ガバナンスは、コンプライアンスでも重要な役割を果たします。規制の厳しい業界(ヘルスケアや金融業界など)の企業は、データの保存方法と共有方法を正確に追跡する必要があります。明確に定義されたガバナンスフレームワークがあれば、監査と規制関連のレポートを簡単に作成できます。また、データの取り扱いについて責任ある姿勢を示すことで、顧客の信頼を築くこともできます。
コンプライアンスや意思決定だけでなく、ガバナンスはコラボレーションの強化にもつながります。各チームが別バージョンのデータにアクセスしていると、コミュニケーションや計画が破綻します。しかし、構造化されたガバナンスアプローチがあれば、信頼できる唯一の情報源を確立し、あらゆる部署が信頼できる同一の情報にもとづいて作業を進めることができます。
強固なデータガバナンスを導入することで、情報を競争優位性に変えることができます。ガバナンスを正しく導入すれば、意思決定の速度と自信を高めることができ、運用コストも削減できます。また、セキュリティとコンプライアンスの強化にも貢献します。
データは、AIの血液であり、生命線です。

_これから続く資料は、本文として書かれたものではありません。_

Inductive pstep : cmd -> store -> R -> multidist conf -> Prop :=
| st_skip s : pstep Skip s 0 (mdirac (Term s))
| st_tick r s : pstep (Tick r) s (ratr r) (mdirac (Term s))
| st_halt s : pstep Halt s 0 (mdirac Bot)
| st_sample x d s : pstep (Sample x d) s 0 (sample_md x d s)
| st_if_t psi phi C D s : psi s && phi s ->
    pstep (If psi phi C D) s 0 (mdirac (Active C s))
| st_if_f psi phi C D s : psi s && ~~ phi s ->
    pstep (If psi phi C D) s 0 (mdirac (Active D s))
| st_if_bot psi phi C D s : ~~ psi s ->
    pstep (If psi phi C D) s 0 (mdirac Bot)
| st_while_t psi phi C s : psi s && phi s ->
    pstep (While psi phi C) s 0 (mdirac (Active (Seq C (While psi phi C)) s))
| st_while_f psi phi C s : psi s && ~~ phi s ->
    pstep (While psi phi C) s 0 (mdirac (Term s))
| st_while_bot psi phi C s : ~~ psi s ->
    pstep (While psi phi C) s 0 (mdirac Bot)
| st_ndet_l C D s : pstep (NDet C D) s 0 (mdirac (Active C s))
| st_ndet_r C D s : pstep (NDet C D) s 0 (mdirac (Active D s))
| st_pchoice C p D s :
    pstep (PChoice C p D) s 0 (pair_md p (Active C s) (Active D s))
| st_seq C D s r mu : pstep C s r mu -> pstep (Seq C D) s r (mmap (kappa D) mu).

Definition ec (c : bool) (f : expect) (g : conf) : \bar R :=
  match g with
  | Active C s => et c C f s
  | Term s => f s
  | Bot => 0
  end.

End Lang.

(* For the deterministic and the
   probabilistic rules the expected value of [e_c(f)] after one step is exactly
   the clause of [et] for the command, and for [C [] D] it is one argument of
   the maximum. For [while] the least fixed point [L] is a prefixed point of its
   functional [F] (Knaster-Tarski: [L] lies below every prefixed point [g], so
   [F L <= F g <= g] by monotonicity of [et]), which gives the inequality.
   For [C; D] the continuation [kappa_D] turns [e_c(f)] into [e_c(et_c[D] f)],
   so the claim is the induction hypothesis for the post-expectation
   [et_c[D] f]. *)
From HB Require Import structures.
From mathcomp Require Import all_boot all_order all_algebra.
From mathcomp Require Import all_classical all_reals all_analysis.
Set Implicit Arguments. Unset Strict Implicit.
Import Order.TTheory GRing.Theory Num.Theory.
Local Open Scope ring_scope.
Local Open Scope ereal_scope.

Section ExpectedValue.
Variable R : realType.

Lemma esum_pred1 (T : choiceType) (k : T) (v : \bar R) : 0 <= v ->
  \esum_(n in [set: T]) (if n == k then v else 0) = v.
Proof.
move=> v0; rewrite -[RHS](@esum_set1 R T k (fun=> v) v0) [RHS]esum_mkcond.
apply: eq_esum => n _; congr (if _ then _ else _).
by apply/eqP/idP => [->|/set_mem //]; exact/mem_set.
Qed.

Variable A : Type.

Lemma mexp_dirac (a : A) (g : A -> \bar R) : 0 <= g a ->
  mexp (mdirac R a) g = g a.
Proof.
move=> ga; rewrite /mexp -[RHS](esum_pred1 0%N ga).
by apply: eq_esum => -[|n] _ //=; rewrite mul1e.
Qed.

Lemma mexp_pair (p : R) (a b : A) (g : A -> \bar R) :
  (0 <= p <= 1)%R -> 0 <= g a -> 0 <= g b ->
  mexp (pair_md p a b) g = p%:E * g a + (1 - p)%:E * g b.
Proof.
move=> /andP[p0 p1] ga gb.
have pa0 : 0 <= p%:E * g a by apply: mule_ge0.
have pb0 : 0 <= (1 - p)%:E * g b by apply: mule_ge0; rewrite // lee_fin subr_ge0.
rewrite -(esum_pred1 0%N pa0) -(esum_pred1 1%N pb0) -esumD; last 2 first.
- by move=> n _; case: ifP.
- by move=> n _; case: ifP.
(* the entries of probability [0] omitted by [pair_md] contribute [0 * g _] *)
apply: eq_esum => -[|[|n]] _ /=; rewrite ?adde0 ?add0e //.
- by rewrite lt_def p0 andbT; case: eqP => [->|]; rewrite ?mul0e.
- by rewrite lt_def subr_ge0 p1 andbT; case: eqP => [->|]; rewrite ?mul0e.
Qed.

Lemma mexp_mmap (B : Type) (h : A -> B) (mu : multidist R A) (g : B -> \bar R) :
  mexp (mmap h mu) g = mexp mu (g \o h).
Proof. by apply: eq_esum => n _; rewrite /mmap; case: (mu n) => [[]|]. Qed.

End ExpectedValue.

Section Transformer.
Variables (R : realType) (Var : finType) (c : bool).
Implicit Types (C : cmd R Var) (f g : expect R Var) (s : store Var).

Lemma iverson_ge0 b : 0 <= iverson R b.
Proof. by case: b. Qed.

Lemma et_ge0 C f : wf_cmd C -> nonneg_exp f -> forall s, 0 <= et c C f s.
Proof.
elim: C f => [|r||x d|psi phi C IC D ID|psi phi C _|C IC D _|C IC p D ID|C IC D ID]
  f wC f0 s //=.
- by rewrite adde_ge0 ?mule_ge0 ?iverson_ge0 ?lee_fin ?ler0q.
- by apply: esum_ge0 => i _; rewrite mule_ge0 // lee_fin; case: (wC s).
- by case: wC => wC wD; rewrite adde_ge0 ?mule_ge0 ?iverson_ge0 ?IC ?ID.
- by apply: le_ereal_inf_tmp => _ [g [g0 _] <-].
- by case: wC => wC _; rewrite le_max IC.
- case: wC => p0 p1 wC wD.
  by rewrite adde_ge0 ?mule_ge0 ?IC ?ID ?lee_fin ?subr_ge0.
- by case: wC => wC wD; apply: IC => //; exact: ID.
Qed.

Lemma le_et C f g : wf_cmd C -> nonneg_exp f -> nonneg_exp g ->
  (forall s, f s <= g s) -> forall s, et c C f s <= et c C g s.
Proof.
elim: C f g => [|r||x d|psi phi C IC D ID|psi phi C _|C IC D ID|C IC p D ID|C IC D ID]
  f g wC f0 g0 fg s //=.
- exact: leeD.
- by apply: le_esum => i _; rewrite lee_wpmul2l // lee_fin; case: (wC s).
- by case: wC => wC wD; rewrite leeD ?lee_wpmul2l ?iverson_ge0 ?IC ?ID.
- apply: le_ereal_inf_tmp => _ [h [h0 hpre] <-]; apply: ereal_inf_lbound.
  exists h => //; split => // t; apply: le_trans (hpre t).
  by rewrite leeD2l // lee_wpmul2l ?iverson_ge0.
- by case: wC => wC wD; rewrite ge_max !le_max IC // ID // orbT.
- case: wC => p0 p1 wC wD.
  by rewrite leeD ?lee_wpmul2l ?IC ?ID ?lee_fin ?subr_ge0.
- by case: wC => wC wD; apply: IC => //; [exact: et_ge0|exact: et_ge0|exact: ID].
Qed.

Lemma et_while_prefixed psi phi C f : wf_cmd C -> nonneg_exp f -> forall s,
  iverson R (psi s && phi s) * et c C (et c (While psi phi C) f) s
  + iverson R (psi s && ~~ phi s) * f s <= et c (While psi phi C) f s.
Proof.
move=> wC f0 s; set L := et c (While psi phi C) f.
have L_min g : nonneg_exp g ->
    (forall t, iverson R (psi t && phi t) * et c C g t
               + iverson R (psi t && ~~ phi t) * f t <= g t) ->
    forall t, L t <= g t.
  by move=> g0 gpre t; apply: ereal_inf_lbound; exists g.
apply: le_ereal_inf_tmp => _ [g [g0 gpre] <-]; apply: le_trans (gpre s).
rewrite leeD2r // lee_wpmul2l ?iverson_ge0 //.
by apply: le_et => //; [exact: et_ge0|exact: L_min].
Qed.

Lemma mexp_sample x (d : dexp R Var) s (h : conf R Var -> \bar R) :
  (forall i, (0 <= d s i)%R) ->
  mexp (sample_md x d s) h = \esum_(i in [set: int]) (d s i)%:E * h (Term _ (upd s x i)).
Proof.
move=> d0; pose G n := if @pickle_inv int n is Some i
  then (d s i)%:E * h (Term _ (upd s x i)) else 0.
transitivity (\esum_(n in [set: nat]) G n).
  apply: eq_esum => n _; rewrite /sample_md /G; case: pickle_inv => // i.
  by rewrite lt_def d0 andbT; case: eqP => [->|]; rewrite ?mul0e.
(* [G] vanishes outside the range of [pickle], which is injective on [int] *)
transitivity (\esum_(n in range (@pickle int)) G n).
  rewrite [RHS]esum_mkcond; apply: eq_esum => n _.
  case E: (pickle_inv n) => [i|]; last by rewrite /G E; case: ifP.
  have := @pickle_invK int n; rewrite E /= => <-.
  by rewrite ifT //; apply/mem_set; exists i.
rewrite (esum_image _ _ _ (in2W (pcan_inj (@pickleK_inv int)))).
by apply: eq_esum => i _; rewrite /G pickleK_inv.
Qed.

End Transformer.

Theorem mainTheorem3 (R : realType) (Var : finType) (C : cmd R Var)
    (s : store Var) (w : R) (mu : multidist R (conf R Var)) (f : expect R Var)
    (c : bool) :
  wf_cmd C -> (0 <= w)%R -> is_multidist mu -> nonneg_exp f ->
  pstep C s w mu ->
  (iverson R c * w%:E + mexp mu (ec c f)) <= ec c f (Active C s).
Proof.
move=> wC _ _ f0 st; elim: st f f0 wC => {C s w mu}
  [s|r s|s|x d s|psi phi C D s h|psi phi C D s h|psi phi C D s h
  |psi phi C s h|psi phi C s h|psi phi C s h|C D s|C D s|C p D s|C D s r mu _ IH]
  f f0 /=.
- by rewrite mexp_dirac //= mule0 add0e.
- by rewrite mexp_dirac //=.
- by rewrite mexp_dirac //= mule0 add0e.
- by move=> wd; rewrite mexp_sample //= ?mule0 ?add0e // => i; case: (wd s).
- case/andP: h => -> -> [wC wD]; rewrite mexp_dirac ?et_ge0 //=.
  by rewrite mule0 !add0e mul1e mul0e adde0.
- case/andP: h => -> /negbTE -> [wC wD]; rewrite mexp_dirac ?et_ge0 //=.
  by rewrite mule0 mul0e !add0e mul1e.
- by rewrite (negbTE h) mexp_dirac //= mule0 !mul0e !add0e.
- case/andP: h => psi_s phi_s wC.
  rewrite mexp_dirac /=; last exact: (et_ge0 c (C := Seq C (While _ _ _)) (conj wC wC) f0).
  apply: le_trans (et_while_prefixed c psi phi wC f0 s).
  by rewrite psi_s phi_s mule0 add0e mul1e mul0e adde0.
- case/andP: h => psi_s /negbTE phi_s wC; rewrite mexp_dirac //=.
  apply: le_trans (et_while_prefixed c psi phi wC f0 s).
  by rewrite psi_s phi_s mule0 add0e mul1e mul0e add0e.
- move=> wC; rewrite mexp_dirac //= mule0 add0e.
  exact: (et_ge0 c (C := While psi phi C)).
- by case=> wC wD; rewrite mexp_dirac /= ?et_ge0 // mule0 add0e le_max lexx.
- by case=> wC wD; rewrite mexp_dirac /= ?et_ge0 // mule0 add0e le_max lexx orbT.
- by case=> p0 p1 wC wD; rewrite mexp_pair ?p0 /= ?et_ge0 // mule0 add0e.
- case=> wC wD; rewrite mexp_mmap.
  have -> : ec c f \o kappa D = ec c (et c D f) by apply/funext => -[].
  exact: IH (et_ge0 c wD f0) wC.
Qed.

さまざまなソースから取得するデータが多様で、かつ連携されているほど、AIはよりスマートに、自律的に行動するようになります。もちろん、質が高く統合されたデータは必須ですが、それで終わりではありません。データの効果を最大限まで高めるには、連携された顧客情報を内部システムやワークフローと安全に一体化する必要があります。一体化することにより、顧客と直接関わり、その体験を形作るアプリケーションやプロセスにおいて人間のチームとデジタルのチームの双方がデータを活用できるようになります。この連携が成功するかどうかは、データガバナンスにかかっています。構造化データや非構造化データにかかわらず、内部CRMや外部データレイクから得たあらゆるデータを管理し、侵害を防ぎ、コンプライアンスを確保する必要があります。ガバナンスがないと、AIの取り組みが行き詰まる可能性があります。

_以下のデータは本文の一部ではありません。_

Theorem smooth_critical_point :
  exists alpha : R -> R, smooth alpha /\
    forall X, Derive (fun s => h (X * s) * s ^ (2 * m) - s) (alpha X) = 0 /\
      alpha0 m <= alpha X <= alpha1 m.
Proof.
  pose (unstretch := fun X : R => proj1_sig (outward_surjective stretch
    (fun u => ex_derive_continuous stretch u (smooth_stretch 1%nat u)) stretch_ge stretch_le X)).
  assert (stretch_unstretch : forall X, stretch (unstretch X) = X)
    by (intros X; unfold unstretch; destruct outward_surjective; assumption).
  exists (fun X => scale (unstretch X)); split.
  - apply smooth_comp; [apply smooth_scale|].
    apply (smooth_right_inverse stretch); auto using smooth_stretch, Derive_stretch_pos.
  - intros X; split; [|apply scale_bounds].
    set (u := unstretch X).
    assert (HXu : X * scale u = u)
      by (rewrite <- (stretch_unstretch X) at 1; apply stretch_mul_scale).
    rewrite (Derive_crit_equation m h X (scale u) m_pos (h_smooth 1%nat _)).
    rewrite HXu, scale_pow_crit; ring.
Qed.

End CriticalPoint.

Lemma Derive_n_ghat (g gt : R -> R) (n : nat) (x : R) :
  Derive_n (ghat g gt) n x = Derive_n gt n x / g 0.
Proof.
  unfold ghat; rewrite (Derive_n_ext _ (fun y => / g 0 * gt y)) by (intros; unfold Rdiv; ring).
  rewrite Derive_n_scal_l; unfold Rdiv; ring.
Qed.

Lemma Derive_ghat (g gt : R -> R) (x : R) : Derive (ghat g gt) x = Derive gt x / g 0.
Proof. exact (Derive_n_ghat g gt 1 x). Qed.

Lemma smooth_ghat (g gt : R -> R) : smooth gt -> smooth (ghat g gt).
Proof.
  intros Hgt; apply (eq_smooth (fun x => gt x * / g 0)); [reflexivity|].
  apply smooth_mult; [exact Hgt | apply smooth_const].
Qed.

Theorem lemma6p6 (m : nat) (g gt : R -> R) (delta : R) :
  (2 <= m)%nat ->
  smooth g -> 0 < g 0 ->
  smooth gt ->
  0 < delta < 1 ->
  (forall x, Rabs x <= delta -> gt x = g x) ->
  (forall x, 1 <= Rabs x -> gt x = 9 / 10 * g 0) ->
  (forall x, 0 <= - x * Derive gt x /\ - x * Derive gt x < 1 / 5 * g 0) ->
  (forall x, Rabs (x ^ 2 * Derive_n gt 2 x) < 1 / 5 * g 0) ->
  (forall x, 9 / 10 * g 0 <= gt x /\ gt x <= g 0) ->
  exists alpha : R -> R,
    smooth_on_nonneg alpha /\
    forall X : R, 0 <= X ->
      Derive (fun s => pfun m g gt s X) (alpha X) = 0 /\
      alpha0 m <= alpha X <= alpha1 m.
Proof.
  intros Hm _ Hg0 Hgt _ _ _ Hslope Hcurvature Hrange.
  destruct (smooth_critical_point m (ghat g gt)) as [alpha [Halpha Hcrit]].
  - lia.
  - apply smooth_ghat, Hgt.
  - intros x; unfold ghat; destruct (Hrange x).
    split; [apply (Rle_div_r _ (gt x)) | apply (Rle_div_l (gt x))]; lra.
  - intros x; rewrite Derive_ghat; destruct (Hslope x).
    replace (x * (Derive gt x / g 0)) with (- (- x * Derive gt x) / g 0) by (field; lra).
    split; [apply (Rlt_div_r _ (- (- x * Derive gt x))) | apply (Rle_div_l (- (- x * Derive gt x)))]; lra.
  - intros x; rewrite Derive_n_ghat.
    replace (x ^ 2 * (Derive_n gt 2 x / g 0)) with (x ^ 2 * Derive_n gt 2 x / g 0)
      by (field; lra).
    rewrite Rabs_div, (Rabs_pos_eq (g 0)) by lra.
    apply Rlt_div_l; [lra | apply Hcurvature].
  - exists alpha; split.
    + exists 1; split; [lra | intros n x _; apply Halpha].
    + intros X _; exact (Hcrit X).
Qed.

強固なガバナンスフレームワークでデータを統制していない場合、データ戦略がどれほど綿密でも破綻する可能性があります。医療サービス機関で、すべてのスタッフがあらゆる患者の機密情報や医療履歴にアクセスできる状況を想像してください。
ガバナンスは、データ管理のための基準(枠組み)を定めます。アクセス、正確性、一貫性の明確なルールを確立することで、データが保護され、そのデータを必要とするユーザーがアクセスできる状態を確実に維持できます。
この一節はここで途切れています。